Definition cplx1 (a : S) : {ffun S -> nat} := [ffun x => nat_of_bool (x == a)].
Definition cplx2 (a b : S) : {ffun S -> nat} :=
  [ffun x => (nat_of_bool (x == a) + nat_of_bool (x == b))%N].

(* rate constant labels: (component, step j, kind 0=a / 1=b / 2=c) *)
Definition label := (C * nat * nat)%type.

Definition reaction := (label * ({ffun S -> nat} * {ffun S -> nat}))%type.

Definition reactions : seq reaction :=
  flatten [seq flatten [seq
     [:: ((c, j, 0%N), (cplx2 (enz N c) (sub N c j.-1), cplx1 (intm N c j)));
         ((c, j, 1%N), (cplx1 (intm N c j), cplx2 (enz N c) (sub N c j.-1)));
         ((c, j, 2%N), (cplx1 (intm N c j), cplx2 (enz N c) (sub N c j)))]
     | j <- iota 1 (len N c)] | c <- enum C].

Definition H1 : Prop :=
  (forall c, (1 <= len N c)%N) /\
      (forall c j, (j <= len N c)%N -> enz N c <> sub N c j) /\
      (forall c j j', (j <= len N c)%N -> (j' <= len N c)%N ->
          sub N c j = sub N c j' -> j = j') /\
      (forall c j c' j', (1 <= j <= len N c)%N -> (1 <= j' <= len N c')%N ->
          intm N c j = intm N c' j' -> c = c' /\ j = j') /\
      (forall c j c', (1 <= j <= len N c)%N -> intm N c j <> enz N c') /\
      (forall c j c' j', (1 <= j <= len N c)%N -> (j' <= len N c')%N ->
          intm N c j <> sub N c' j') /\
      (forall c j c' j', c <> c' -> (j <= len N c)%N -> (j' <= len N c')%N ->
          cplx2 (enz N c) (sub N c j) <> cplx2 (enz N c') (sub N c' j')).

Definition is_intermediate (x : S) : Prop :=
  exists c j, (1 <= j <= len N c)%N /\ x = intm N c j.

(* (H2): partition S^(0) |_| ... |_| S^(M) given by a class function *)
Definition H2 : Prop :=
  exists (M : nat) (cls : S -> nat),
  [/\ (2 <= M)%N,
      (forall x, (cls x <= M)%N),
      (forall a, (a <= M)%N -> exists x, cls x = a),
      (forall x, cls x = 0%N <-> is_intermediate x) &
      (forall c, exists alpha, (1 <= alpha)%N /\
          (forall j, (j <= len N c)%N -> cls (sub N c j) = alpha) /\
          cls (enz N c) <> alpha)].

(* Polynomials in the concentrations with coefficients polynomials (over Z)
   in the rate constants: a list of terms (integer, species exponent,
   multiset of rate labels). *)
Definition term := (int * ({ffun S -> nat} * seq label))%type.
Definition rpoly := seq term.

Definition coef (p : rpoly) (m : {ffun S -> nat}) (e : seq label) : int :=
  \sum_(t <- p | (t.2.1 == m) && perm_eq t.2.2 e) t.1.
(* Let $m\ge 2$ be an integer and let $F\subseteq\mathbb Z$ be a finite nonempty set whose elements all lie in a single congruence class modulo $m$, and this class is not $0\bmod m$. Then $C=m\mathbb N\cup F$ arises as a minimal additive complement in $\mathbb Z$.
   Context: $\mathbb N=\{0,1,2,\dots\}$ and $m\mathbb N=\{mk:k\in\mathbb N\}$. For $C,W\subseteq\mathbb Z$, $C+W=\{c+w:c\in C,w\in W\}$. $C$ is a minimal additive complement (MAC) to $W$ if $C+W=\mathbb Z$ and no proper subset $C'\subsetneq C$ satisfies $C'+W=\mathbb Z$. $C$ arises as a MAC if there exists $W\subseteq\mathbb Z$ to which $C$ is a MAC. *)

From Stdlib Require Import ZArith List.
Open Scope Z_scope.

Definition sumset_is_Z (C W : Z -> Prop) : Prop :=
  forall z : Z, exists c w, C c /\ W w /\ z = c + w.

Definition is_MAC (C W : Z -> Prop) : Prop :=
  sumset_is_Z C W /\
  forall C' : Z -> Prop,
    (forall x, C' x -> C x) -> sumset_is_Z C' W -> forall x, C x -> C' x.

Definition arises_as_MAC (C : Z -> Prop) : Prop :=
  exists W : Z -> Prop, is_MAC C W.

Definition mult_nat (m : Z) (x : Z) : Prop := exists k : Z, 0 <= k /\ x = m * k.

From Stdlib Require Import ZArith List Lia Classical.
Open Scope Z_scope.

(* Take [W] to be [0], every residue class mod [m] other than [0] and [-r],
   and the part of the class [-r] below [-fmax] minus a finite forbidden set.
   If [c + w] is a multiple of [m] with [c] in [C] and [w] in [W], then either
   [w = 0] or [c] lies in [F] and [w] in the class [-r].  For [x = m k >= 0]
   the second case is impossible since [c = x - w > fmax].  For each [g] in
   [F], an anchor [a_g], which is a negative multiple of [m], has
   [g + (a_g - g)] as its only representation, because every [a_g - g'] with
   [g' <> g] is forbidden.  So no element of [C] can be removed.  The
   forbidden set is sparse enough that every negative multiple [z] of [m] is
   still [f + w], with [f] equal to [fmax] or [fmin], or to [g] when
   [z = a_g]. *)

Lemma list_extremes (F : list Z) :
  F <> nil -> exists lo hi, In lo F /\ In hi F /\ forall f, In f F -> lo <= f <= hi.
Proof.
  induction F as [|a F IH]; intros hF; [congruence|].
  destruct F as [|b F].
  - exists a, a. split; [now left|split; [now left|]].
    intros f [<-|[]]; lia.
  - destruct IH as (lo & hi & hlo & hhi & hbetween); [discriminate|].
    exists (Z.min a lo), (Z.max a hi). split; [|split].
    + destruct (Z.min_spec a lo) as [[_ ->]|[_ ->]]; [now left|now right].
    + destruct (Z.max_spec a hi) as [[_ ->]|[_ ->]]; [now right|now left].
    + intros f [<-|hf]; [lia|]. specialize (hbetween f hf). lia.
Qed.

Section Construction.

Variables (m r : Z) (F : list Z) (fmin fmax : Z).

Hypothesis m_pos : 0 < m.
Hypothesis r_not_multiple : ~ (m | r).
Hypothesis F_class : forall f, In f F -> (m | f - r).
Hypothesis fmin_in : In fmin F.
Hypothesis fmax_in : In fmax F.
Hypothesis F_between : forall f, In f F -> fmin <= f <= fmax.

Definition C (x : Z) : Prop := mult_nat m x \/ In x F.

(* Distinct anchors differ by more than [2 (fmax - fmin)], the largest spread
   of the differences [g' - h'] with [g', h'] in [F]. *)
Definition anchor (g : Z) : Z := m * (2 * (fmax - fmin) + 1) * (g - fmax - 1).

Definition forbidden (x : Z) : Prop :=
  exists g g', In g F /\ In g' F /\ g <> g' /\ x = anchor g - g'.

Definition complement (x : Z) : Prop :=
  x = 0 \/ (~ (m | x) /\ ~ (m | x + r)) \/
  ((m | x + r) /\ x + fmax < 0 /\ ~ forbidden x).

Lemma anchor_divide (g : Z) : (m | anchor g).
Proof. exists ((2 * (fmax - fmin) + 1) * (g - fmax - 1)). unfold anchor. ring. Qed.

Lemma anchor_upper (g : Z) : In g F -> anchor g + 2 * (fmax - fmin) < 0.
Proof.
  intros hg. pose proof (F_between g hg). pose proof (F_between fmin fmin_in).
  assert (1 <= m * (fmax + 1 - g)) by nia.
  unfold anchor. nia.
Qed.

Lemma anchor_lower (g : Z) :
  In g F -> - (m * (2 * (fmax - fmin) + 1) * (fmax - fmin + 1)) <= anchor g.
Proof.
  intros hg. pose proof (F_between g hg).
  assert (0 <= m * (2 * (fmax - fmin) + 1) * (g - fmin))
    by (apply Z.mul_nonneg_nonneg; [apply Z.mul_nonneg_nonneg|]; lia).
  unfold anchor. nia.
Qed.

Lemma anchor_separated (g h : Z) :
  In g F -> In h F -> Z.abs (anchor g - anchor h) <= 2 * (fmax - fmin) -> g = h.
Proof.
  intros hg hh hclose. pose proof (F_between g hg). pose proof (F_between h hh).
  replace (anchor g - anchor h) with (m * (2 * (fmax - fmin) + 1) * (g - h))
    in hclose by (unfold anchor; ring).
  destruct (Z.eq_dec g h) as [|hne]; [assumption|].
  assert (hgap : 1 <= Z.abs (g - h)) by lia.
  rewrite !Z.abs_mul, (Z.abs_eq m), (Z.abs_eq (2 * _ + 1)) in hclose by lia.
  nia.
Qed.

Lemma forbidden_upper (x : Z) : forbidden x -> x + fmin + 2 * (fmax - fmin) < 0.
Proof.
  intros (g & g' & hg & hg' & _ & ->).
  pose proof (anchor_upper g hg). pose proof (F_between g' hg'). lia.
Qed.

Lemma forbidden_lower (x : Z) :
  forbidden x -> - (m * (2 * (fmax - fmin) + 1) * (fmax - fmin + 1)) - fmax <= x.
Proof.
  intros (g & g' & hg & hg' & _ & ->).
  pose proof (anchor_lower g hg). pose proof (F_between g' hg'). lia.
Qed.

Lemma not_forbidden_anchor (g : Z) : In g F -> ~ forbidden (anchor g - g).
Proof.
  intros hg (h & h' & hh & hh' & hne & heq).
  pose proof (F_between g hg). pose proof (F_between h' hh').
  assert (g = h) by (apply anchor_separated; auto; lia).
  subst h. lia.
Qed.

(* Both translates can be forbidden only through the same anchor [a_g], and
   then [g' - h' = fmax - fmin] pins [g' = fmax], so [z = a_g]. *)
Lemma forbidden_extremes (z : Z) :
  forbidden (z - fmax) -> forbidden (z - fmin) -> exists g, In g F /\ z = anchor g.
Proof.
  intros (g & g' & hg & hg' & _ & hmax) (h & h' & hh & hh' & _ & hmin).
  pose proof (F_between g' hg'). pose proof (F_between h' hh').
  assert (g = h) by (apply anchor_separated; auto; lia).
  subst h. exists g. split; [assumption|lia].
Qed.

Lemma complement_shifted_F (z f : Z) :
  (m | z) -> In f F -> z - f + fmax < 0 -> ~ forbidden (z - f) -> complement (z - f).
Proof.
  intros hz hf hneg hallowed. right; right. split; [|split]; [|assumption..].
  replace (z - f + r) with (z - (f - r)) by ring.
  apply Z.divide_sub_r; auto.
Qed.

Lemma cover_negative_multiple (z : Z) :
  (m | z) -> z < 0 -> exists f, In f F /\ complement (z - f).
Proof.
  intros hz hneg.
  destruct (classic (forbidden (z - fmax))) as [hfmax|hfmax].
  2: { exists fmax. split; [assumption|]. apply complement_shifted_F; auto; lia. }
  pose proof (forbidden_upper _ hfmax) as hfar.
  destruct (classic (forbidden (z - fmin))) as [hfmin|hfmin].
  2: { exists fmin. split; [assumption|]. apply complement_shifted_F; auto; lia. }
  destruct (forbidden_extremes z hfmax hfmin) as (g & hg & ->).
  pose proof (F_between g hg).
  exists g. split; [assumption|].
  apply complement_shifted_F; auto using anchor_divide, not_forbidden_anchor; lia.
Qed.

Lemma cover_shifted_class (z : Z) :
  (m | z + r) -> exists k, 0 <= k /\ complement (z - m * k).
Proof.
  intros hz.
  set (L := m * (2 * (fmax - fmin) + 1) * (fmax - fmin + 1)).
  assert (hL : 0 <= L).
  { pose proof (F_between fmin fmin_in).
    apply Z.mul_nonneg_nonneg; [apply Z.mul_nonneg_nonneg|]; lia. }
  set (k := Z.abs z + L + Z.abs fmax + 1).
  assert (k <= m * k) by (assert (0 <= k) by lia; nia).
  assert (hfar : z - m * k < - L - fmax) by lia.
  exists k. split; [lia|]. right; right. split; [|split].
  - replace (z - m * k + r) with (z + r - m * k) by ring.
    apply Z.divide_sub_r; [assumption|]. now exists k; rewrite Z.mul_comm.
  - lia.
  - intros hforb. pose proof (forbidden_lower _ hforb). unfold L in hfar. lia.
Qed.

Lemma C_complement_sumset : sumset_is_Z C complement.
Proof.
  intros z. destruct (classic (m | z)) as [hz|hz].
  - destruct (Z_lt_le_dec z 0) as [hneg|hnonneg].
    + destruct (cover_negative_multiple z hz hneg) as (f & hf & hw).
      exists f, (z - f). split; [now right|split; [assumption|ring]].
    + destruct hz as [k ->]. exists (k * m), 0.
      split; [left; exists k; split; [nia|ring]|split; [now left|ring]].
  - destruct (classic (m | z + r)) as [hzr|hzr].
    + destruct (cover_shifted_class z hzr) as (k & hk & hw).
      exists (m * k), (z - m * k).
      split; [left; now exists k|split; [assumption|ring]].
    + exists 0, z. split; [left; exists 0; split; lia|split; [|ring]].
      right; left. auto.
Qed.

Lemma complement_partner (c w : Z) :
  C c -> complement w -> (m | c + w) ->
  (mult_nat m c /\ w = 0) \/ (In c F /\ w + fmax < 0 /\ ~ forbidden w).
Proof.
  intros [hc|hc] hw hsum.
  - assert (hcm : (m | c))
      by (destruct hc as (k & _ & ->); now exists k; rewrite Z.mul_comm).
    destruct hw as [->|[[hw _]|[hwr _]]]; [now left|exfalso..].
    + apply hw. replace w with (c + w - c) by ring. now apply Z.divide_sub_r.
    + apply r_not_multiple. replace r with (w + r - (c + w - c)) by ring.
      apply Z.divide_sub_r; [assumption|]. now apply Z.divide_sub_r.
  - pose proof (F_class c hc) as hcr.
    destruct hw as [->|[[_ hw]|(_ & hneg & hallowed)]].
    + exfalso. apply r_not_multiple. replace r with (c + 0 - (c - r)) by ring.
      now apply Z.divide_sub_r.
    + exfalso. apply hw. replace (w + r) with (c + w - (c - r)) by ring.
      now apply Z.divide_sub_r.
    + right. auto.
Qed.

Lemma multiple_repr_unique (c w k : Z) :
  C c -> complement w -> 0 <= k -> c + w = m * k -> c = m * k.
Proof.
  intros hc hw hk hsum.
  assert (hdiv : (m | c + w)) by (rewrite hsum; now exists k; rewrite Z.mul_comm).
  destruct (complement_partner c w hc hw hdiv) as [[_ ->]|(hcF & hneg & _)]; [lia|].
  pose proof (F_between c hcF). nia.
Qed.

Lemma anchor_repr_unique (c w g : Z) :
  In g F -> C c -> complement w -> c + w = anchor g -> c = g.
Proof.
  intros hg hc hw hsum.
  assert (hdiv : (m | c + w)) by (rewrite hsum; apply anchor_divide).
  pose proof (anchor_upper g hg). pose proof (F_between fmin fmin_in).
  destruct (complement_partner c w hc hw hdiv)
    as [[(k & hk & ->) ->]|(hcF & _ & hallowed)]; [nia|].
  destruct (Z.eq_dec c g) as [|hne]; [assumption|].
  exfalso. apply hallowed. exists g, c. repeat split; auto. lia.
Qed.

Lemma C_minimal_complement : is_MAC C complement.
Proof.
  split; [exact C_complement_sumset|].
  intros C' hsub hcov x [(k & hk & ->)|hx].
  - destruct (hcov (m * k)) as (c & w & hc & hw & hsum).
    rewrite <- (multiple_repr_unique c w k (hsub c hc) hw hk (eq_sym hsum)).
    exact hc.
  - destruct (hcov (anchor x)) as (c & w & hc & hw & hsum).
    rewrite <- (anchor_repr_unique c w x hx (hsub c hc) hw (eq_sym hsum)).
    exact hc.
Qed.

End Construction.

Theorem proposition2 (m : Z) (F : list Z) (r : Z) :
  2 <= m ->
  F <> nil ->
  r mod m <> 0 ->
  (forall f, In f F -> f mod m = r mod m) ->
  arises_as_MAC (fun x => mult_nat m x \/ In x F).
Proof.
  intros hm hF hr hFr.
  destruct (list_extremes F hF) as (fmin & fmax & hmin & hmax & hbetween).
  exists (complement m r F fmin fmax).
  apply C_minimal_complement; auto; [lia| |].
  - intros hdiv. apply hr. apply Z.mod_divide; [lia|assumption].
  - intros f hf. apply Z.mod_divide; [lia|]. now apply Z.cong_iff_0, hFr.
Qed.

Problem requirements: Of all the entries above, retype exactly the lines from the line with "(forall j, (j" to the line with "exists W : Z -> Prop, is_MAC C W.", both included, and no others.

Response:
          (forall j, (j <= len N c)%N -> cls (sub N c j) = alpha) /\
          cls (enz N c) <> alpha)].

(* Polynomials in the concentrations with coefficients polynomials (over Z)
   in the rate constants: a list of terms (integer, species exponent,
   multiset of rate labels). *)
Definition term := (int * ({ffun S -> nat} * seq label))%type.
Definition rpoly := seq term.

Definition coef (p : rpoly) (m : {ffun S -> nat}) (e : seq label) : int :=
  \sum_(t <- p | (t.2.1 == m) && perm_eq t.2.2 e) t.1.
(* Let $m\ge 2$ be an integer and let $F\subseteq\mathbb Z$ be a finite nonempty set whose elements all lie in a single congruence class modulo $m$, and this class is not $0\bmod m$. Then $C=m\mathbb N\cup F$ arises as a minimal additive complement in $\mathbb Z$.
   Context: $\mathbb N=\{0,1,2,\dots\}$ and $m\mathbb N=\{mk:k\in\mathbb N\}$. For $C,W\subseteq\mathbb Z$, $C+W=\{c+w:c\in C,w\in W\}$. $C$ is a minimal additive complement (MAC) to $W$ if $C+W=\mathbb Z$ and no proper subset $C'\subsetneq C$ satisfies $C'+W=\mathbb Z$. $C$ arises as a MAC if there exists $W\subseteq\mathbb Z$ to which $C$ is a MAC. *)

From Stdlib Require Import ZArith List.
Open Scope Z_scope.

Definition sumset_is_Z (C W : Z -> Prop) : Prop :=
  forall z : Z, exists c w, C c /\ W w /\ z = c + w.

Definition is_MAC (C W : Z -> Prop) : Prop :=
  sumset_is_Z C W /\
  forall C' : Z -> Prop,
    (forall x, C' x -> C x) -> sumset_is_Z C' W -> forall x, C x -> C' x.

Definition arises_as_MAC (C : Z -> Prop) : Prop :=
  exists W : Z -> Prop, is_MAC C W.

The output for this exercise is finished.